EXERCISE AIM:
From the first line to the last, restate the data word for word.

Items from a dataset

Section BoundedOperator.
Variable X : V -> V.
Hypothesis X_bounded : is_bounded_op ip X.

Lemma opD x y : X (x + y) = X x + X y.
Proof. by case: X_bounded => lin _; rewrite -[x]scale1r lin !scale1r. Qed.

Lemma op0 : X 0 = 0.
Proof. by apply: (addrI (X 0)); rewrite -opD !addr0. Qed.

Lemma opZ a x : X (a *: x) = a *: X x.
Proof. by case: X_bounded => lin _; rewrite -[a *: x]addr0 lin op0 addr0. Qed.

Lemma opB x y : X (x - y) = X x - X y.
Proof. by rewrite opD -scaleN1r opZ scaleN1r. Qed.

Lemma bounded_opP : exists2 M, 0 <= M & forall x, hnorm ip (X x) <= M * hnorm ip x.
Proof.
case: X_bounded => _ [M XM]; exists (Num.max M 0); first by rewrite le_max lexx orbT.
by move=> x; apply: le_trans (XM x) _; rewrite ler_wpM2r ?hnorm_ge0 // le_max lexx.
Qed.

End BoundedOperator.

Definition quad (X : V -> V) x := Re (ip (X x) x).

Lemma quad_le_hnorm X x : hnorm ip x = 1 -> quad X x <= hnorm ip (X x).
Proof.
move=> x1; apply: le_trans (Re_le_cmod _) _.
by apply: le_trans (cauchy_schwarz_hnorm _ _) _; rewrite x1 mulr1.
Qed.

Lemma quad_le_opnorm X M x : (forall y, hnorm ip (X y) <= M * hnorm ip y) ->
  hnorm ip x = 1 -> quad X x <= opnorm ip X.
Proof.
move=> XM x1; apply: le_trans (quad_le_hnorm X x1) _.
apply: ub_le_sup; last by exists x.
by exists M => _ [y y1 <-]; have := XM y; rewrite y1 mulr1.
Qed.

Lemma cmod_ip_sqr_le X x : hnorm ip x = 1 -> cmod (ip (X x) x) ^+ 2 <= sqnorm (X x).
Proof.
move=> x1; apply: le_trans (cauchy_schwarz _ _) _.
by rewrite (sqnorm_unit x1) mulr1.
Qed.

(* Polarization: [f] also vanishes at [x + y] and at [x + 'i y]. *)
Lemma sesqui_diag_eq0 (f : V -> V -> R[i]) :
  (forall x y z, f (x + y) z = f x z + f y z) ->
  (forall a x z, f (a *: x) z = a * f x z) ->
  (forall x y z, f z (x + y) = f z x + f z y) ->
  (forall a x z, f z (a *: x) = conjc a * f z x) ->
  (forall x, f x x = 0) -> forall x y, f x y = 0.
Proof.
move=> fDl fZl fDr fZr f0 x y.
have fxy := f0 (x + y); rewrite fDl !fDr !f0 add0r addr0 in fxy.
have fxiy := f0 (x + 'i%C *: y).
rewrite fDl !fDr !fZl !fZr !f0 !mulr0 add0r addr0 in fxiy.
have fyx : f y x = - f x y by apply/eqP; rewrite -addr_eq0 addrC fxy.
have i_nreal : conjc 'i%C - 'i%C != 0 :> R[i].
  by rewrite eq_complex /= negb_and; apply/orP; right; apply/eqP; lra.
move: fxiy; rewrite fyx mulrN -mulrBl => /eqP.
by rewrite mulf_eq0 (negPf i_nreal) => /eqP.
Qed.

Lemma posop_selfadj A : is_positive_op ip A -> forall x y, ip (A x) y = ip x (A y).
Proof.
move=> [A_bounded A_ge0] x y; apply/eqP; rewrite -subr_eq0; apply/eqP.
apply: (@sesqui_diag_eq0 (fun x y => ip (A x) y - ip x (A y)))
  => [u v w|a u w|u v w|a u w|u] /=.
- by rewrite (opD A_bounded) !ipDl; ring.
- by rewrite (opZ A_bounded) !ipZl; ring.
- by rewrite (opD A_bounded) !ipDr; ring.
- by rewrite (opZ A_bounded) !ipZr; ring.
- by rewrite [ip u (A u)]ipC (ge0_real (A_ge0 u)) conjc_real subrr.
Qed.

Section PositiveOperator.
Variable A : V -> V.
Hypothesis A_pos : is_positive_op ip A.
Let A_bounded := A_pos.1.

Lemma quad_ge0 x : 0 <= quad A x.
Proof. exact: Re_ge0 (A_pos.2 x). Qed.

Lemma ip_quad x : ip (A x) x = (quad A x)%:C.
Proof. exact: ge0_real (A_pos.2 x). Qed.

Lemma quadZ a x : quad A (a *: x) = cmod a ^+ 2 * quad A x.
Proof. by rewrite /quad (opZ A_bounded) ipZl ipZr mulrA mulc_conj Re_realM. Qed.

Lemma quad_le_sqnorm L : (forall x, hnorm ip x = 1 -> quad A x <= L) ->
  forall y, quad A y <= L * sqnorm y.
Proof.
move=> AL y; have [->|y_neq0] := eqVneq y 0.
  by rewrite /quad (op0 A_bounded) ip0r /sqnorm ip0r /= mulr0.
have y_gt0 := hnorm_gt0 y_neq0; set h := hnorm ip y.
have hV_ge0 : 0 <= h^-1 by rewrite invr_ge0 (ltW y_gt0).
have := AL _ (hnorm_normalize y_neq0).
rewrite quadZ cmod_real (ger0_norm hV_ge0) -/h => hL.
have -> : quad A y = h ^+ 2 * (h^-1 ^+ 2 * quad A y).
  by rewrite mulrA -exprMn mulfV ?gt_eqF // expr1n mul1r.
by rewrite -hnorm_sqr -/h [L * _]mulrC ler_wpM2l // sqr_ge0.
Qed.

(* [A <= L] implies [A^2 <= L A]: expand [0 <= <Ay, y>] for [y = x - L^-1 Ax]. *)
Lemma sqnorm_le_quad L : 0 < L -> (forall y, quad A y <= L * sqnorm y) ->
  forall x, sqnorm (A x) <= L * quad A x.
Proof.
move=> L_gt0 AL x.
set N := sqnorm (A x); set t := L^-1; set a2 := quad A (A x).
pose y := x - t%:C *: A x.
have ip_y : ip (A y) y = (quad A x - 2 * t * N + t ^+ 2 * a2)%:C.
  rewrite /y (opB A_bounded) (opZ A_bounded) !ipBl !ipBr !ipZl !ipZr conjc_real.
  rewrite [ip (A (A x)) x](posop_selfadj A_pos) ip_quad ip_sqnorm (ip_quad (A x)).
  by rewrite -/N -/a2; apply/eqP; rewrite eq_complex /=; apply/andP; split; apply/eqP; ring.
have quad_y : 0 <= quad A x - 2 * t * N + t ^+ 2 * a2.
  by have := quad_ge0 y; rewrite /quad ip_y.
have a2N : a2 <= L * N := AL (A x).
have scale : L ^+ 2 * (quad A x - 2 * t * N + t ^+ 2 * a2)
             = L * (L * quad A x - N) - L * N + a2.
  by rewrite /t; field; rewrite gt_eqF.
have : 0 <= L * (L * quad A x - N).
  by have := mulr_ge0 (sqr_ge0 L) quad_y; rewrite scale; lra.
by rewrite pmulr_rge0 // subr_ge0.
Qed.

Lemma sqnorm_sub_quad x : hnorm ip x = 1 ->
  sqnorm (A x - (quad A x)%:C *: x) = sqnorm (A x) - quad A x ^+ 2.
Proof.
move=> x1; rewrite /sqnorm !ipBl !ipBr !ipZl !ipZr conjc_real [ip x (A x)]ipC.
rewrite ip_quad (ip_sqnorm x) sqnorm_unit // conjc_real !raddfB /=.
by rewrite -/(sqnorm (A x)); ring.
Qed.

PROBLEM SOLUTION:
Section BoundedOperator.
Variable X : V -> V.
Hypothesis X_bounded : is_bounded_op ip X.

Lemma opD x y : X (x + y) = X x + X y.
Proof. by case: X_bounded => lin _; rewrite -[x]scale1r lin !scale1r. Qed.

Lemma op0 : X 0 = 0.
Proof. by apply: (addrI (X 0)); rewrite -opD !addr0. Qed.

Lemma opZ a x : X (a *: x) = a *: X x.
Proof. by case: X_bounded => lin _; rewrite -[a *: x]addr0 lin op0 addr0. Qed.

Lemma opB x y : X (x - y) = X x - X y.
Proof. by rewrite opD -scaleN1r opZ scaleN1r. Qed.

Lemma bounded_opP : exists2 M, 0 <= M & forall x, hnorm ip (X x) <= M * hnorm ip x.
Proof.
case: X_bounded => _ [M XM]; exists (Num.max M 0); first by rewrite le_max lexx orbT.
by move=> x; apply: le_trans (XM x) _; rewrite ler_wpM2r ?hnorm_ge0 // le_max lexx.
Qed.

End BoundedOperator.

Definition quad (X : V -> V) x := Re (ip (X x) x).

Lemma quad_le_hnorm X x : hnorm ip x = 1 -> quad X x <= hnorm ip (X x).
Proof.
move=> x1; apply: le_trans (Re_le_cmod _) _.
by apply: le_trans (cauchy_schwarz_hnorm _ _) _; rewrite x1 mulr1.
Qed.

Lemma quad_le_opnorm X M x : (forall y, hnorm ip (X y) <= M * hnorm ip y) ->
  hnorm ip x = 1 -> quad X x <= opnorm ip X.
Proof.
move=> XM x1; apply: le_trans (quad_le_hnorm X x1) _.
apply: ub_le_sup; last by exists x.
by exists M => _ [y y1 <-]; have := XM y; rewrite y1 mulr1.
Qed.

Lemma cmod_ip_sqr_le X x : hnorm ip x = 1 -> cmod (ip (X x) x) ^+ 2 <= sqnorm (X x).
Proof.
move=> x1; apply: le_trans (cauchy_schwarz _ _) _.
by rewrite (sqnorm_unit x1) mulr1.
Qed.

(* Polarization: [f] also vanishes at [x + y] and at [x + 'i y]. *)
Lemma sesqui_diag_eq0 (f : V -> V -> R[i]) :
  (forall x y z, f (x + y) z = f x z + f y z) ->
  (forall a x z, f (a *: x) z = a * f x z) ->
  (forall x y z, f z (x + y) = f z x + f z y) ->
  (forall a x z, f z (a *: x) = conjc a * f z x) ->
  (forall x, f x x = 0) -> forall x y, f x y = 0.
Proof.
move=> fDl fZl fDr fZr f0 x y.
have fxy := f0 (x + y); rewrite fDl !fDr !f0 add0r addr0 in fxy.
have fxiy := f0 (x + 'i%C *: y).
rewrite fDl !fDr !fZl !fZr !f0 !mulr0 add0r addr0 in fxiy.
have fyx : f y x = - f x y by apply/eqP; rewrite -addr_eq0 addrC fxy.
have i_nreal : conjc 'i%C - 'i%C != 0 :> R[i].
  by rewrite eq_complex /= negb_and; apply/orP; right; apply/eqP; lra.
move: fxiy; rewrite fyx mulrN -mulrBl => /eqP.
by rewrite mulf_eq0 (negPf i_nreal) => /eqP.
Qed.

Lemma posop_selfadj A : is_positive_op ip A -> forall x y, ip (A x) y = ip x (A y).
Proof.
move=> [A_bounded A_ge0] x y; apply/eqP; rewrite -subr_eq0; apply/eqP.
apply: (@sesqui_diag_eq0 (fun x y => ip (A x) y - ip x (A y)))
  => [u v w|a u w|u v w|a u w|u] /=.
- by rewrite (opD A_bounded) !ipDl; ring.
- by rewrite (opZ A_bounded) !ipZl; ring.
- by rewrite (opD A_bounded) !ipDr; ring.
- by rewrite (opZ A_bounded) !ipZr; ring.
- by rewrite [ip u (A u)]ipC (ge0_real (A_ge0 u)) conjc_real subrr.
Qed.

Section PositiveOperator.
Variable A : V -> V.
Hypothesis A_pos : is_positive_op ip A.
Let A_bounded := A_pos.1.

Lemma quad_ge0 x : 0 <= quad A x.
Proof. exact: Re_ge0 (A_pos.2 x). Qed.

Lemma ip_quad x : ip (A x) x = (quad A x)%:C.
Proof. exact: ge0_real (A_pos.2 x). Qed.

Lemma quadZ a x : quad A (a *: x) = cmod a ^+ 2 * quad A x.
Proof. by rewrite /quad (opZ A_bounded) ipZl ipZr mulrA mulc_conj Re_realM. Qed.

Lemma quad_le_sqnorm L : (forall x, hnorm ip x = 1 -> quad A x <= L) ->
  forall y, quad A y <= L * sqnorm y.
Proof.
move=> AL y; have [->|y_neq0] := eqVneq y 0.
  by rewrite /quad (op0 A_bounded) ip0r /sqnorm ip0r /= mulr0.
have y_gt0 := hnorm_gt0 y_neq0; set h := hnorm ip y.
have hV_ge0 : 0 <= h^-1 by rewrite invr_ge0 (ltW y_gt0).
have := AL _ (hnorm_normalize y_neq0).
rewrite quadZ cmod_real (ger0_norm hV_ge0) -/h => hL.
have -> : quad A y = h ^+ 2 * (h^-1 ^+ 2 * quad A y).
  by rewrite mulrA -exprMn mulfV ?gt_eqF // expr1n mul1r.
by rewrite -hnorm_sqr -/h [L * _]mulrC ler_wpM2l // sqr_ge0.
Qed.

(* [A <= L] implies [A^2 <= L A]: expand [0 <= <Ay, y>] for [y = x - L^-1 Ax]. *)
Lemma sqnorm_le_quad L : 0 < L -> (forall y, quad A y <= L * sqnorm y) ->
  forall x, sqnorm (A x) <= L * quad A x.
Proof.
move=> L_gt0 AL x.
set N := sqnorm (A x); set t := L^-1; set a2 := quad A (A x).
pose y := x - t%:C *: A x.
have ip_y : ip (A y) y = (quad A x - 2 * t * N + t ^+ 2 * a2)%:C.
  rewrite /y (opB A_bounded) (opZ A_bounded) !ipBl !ipBr !ipZl !ipZr conjc_real.
  rewrite [ip (A (A x)) x](posop_selfadj A_pos) ip_quad ip_sqnorm (ip_quad (A x)).
  by rewrite -/N -/a2; apply/eqP; rewrite eq_complex /=; apply/andP; split; apply/eqP; ring.
have quad_y : 0 <= quad A x - 2 * t * N + t ^+ 2 * a2.
  by have := quad_ge0 y; rewrite /quad ip_y.
have a2N : a2 <= L * N := AL (A x).
have scale : L ^+ 2 * (quad A x - 2 * t * N + t ^+ 2 * a2)
             = L * (L * quad A x - N) - L * N + a2.
  by rewrite /t; field; rewrite gt_eqF.
have : 0 <= L * (L * quad A x - N).
  by have := mulr_ge0 (sqr_ge0 L) quad_y; rewrite scale; lra.
by rewrite pmulr_rge0 // subr_ge0.
Qed.

Lemma sqnorm_sub_quad x : hnorm ip x = 1 ->
  sqnorm (A x - (quad A x)%:C *: x) = sqnorm (A x) - quad A x ^+ 2.
Proof.
move=> x1; rewrite /sqnorm !ipBl !ipBr !ipZl !ipZr conjc_real [ip x (A x)]ipC.
rewrite ip_quad (ip_sqnorm x) sqnorm_unit // conjc_real !raddfB /=.
by rewrite -/(sqnorm (A x)); ring.
Qed.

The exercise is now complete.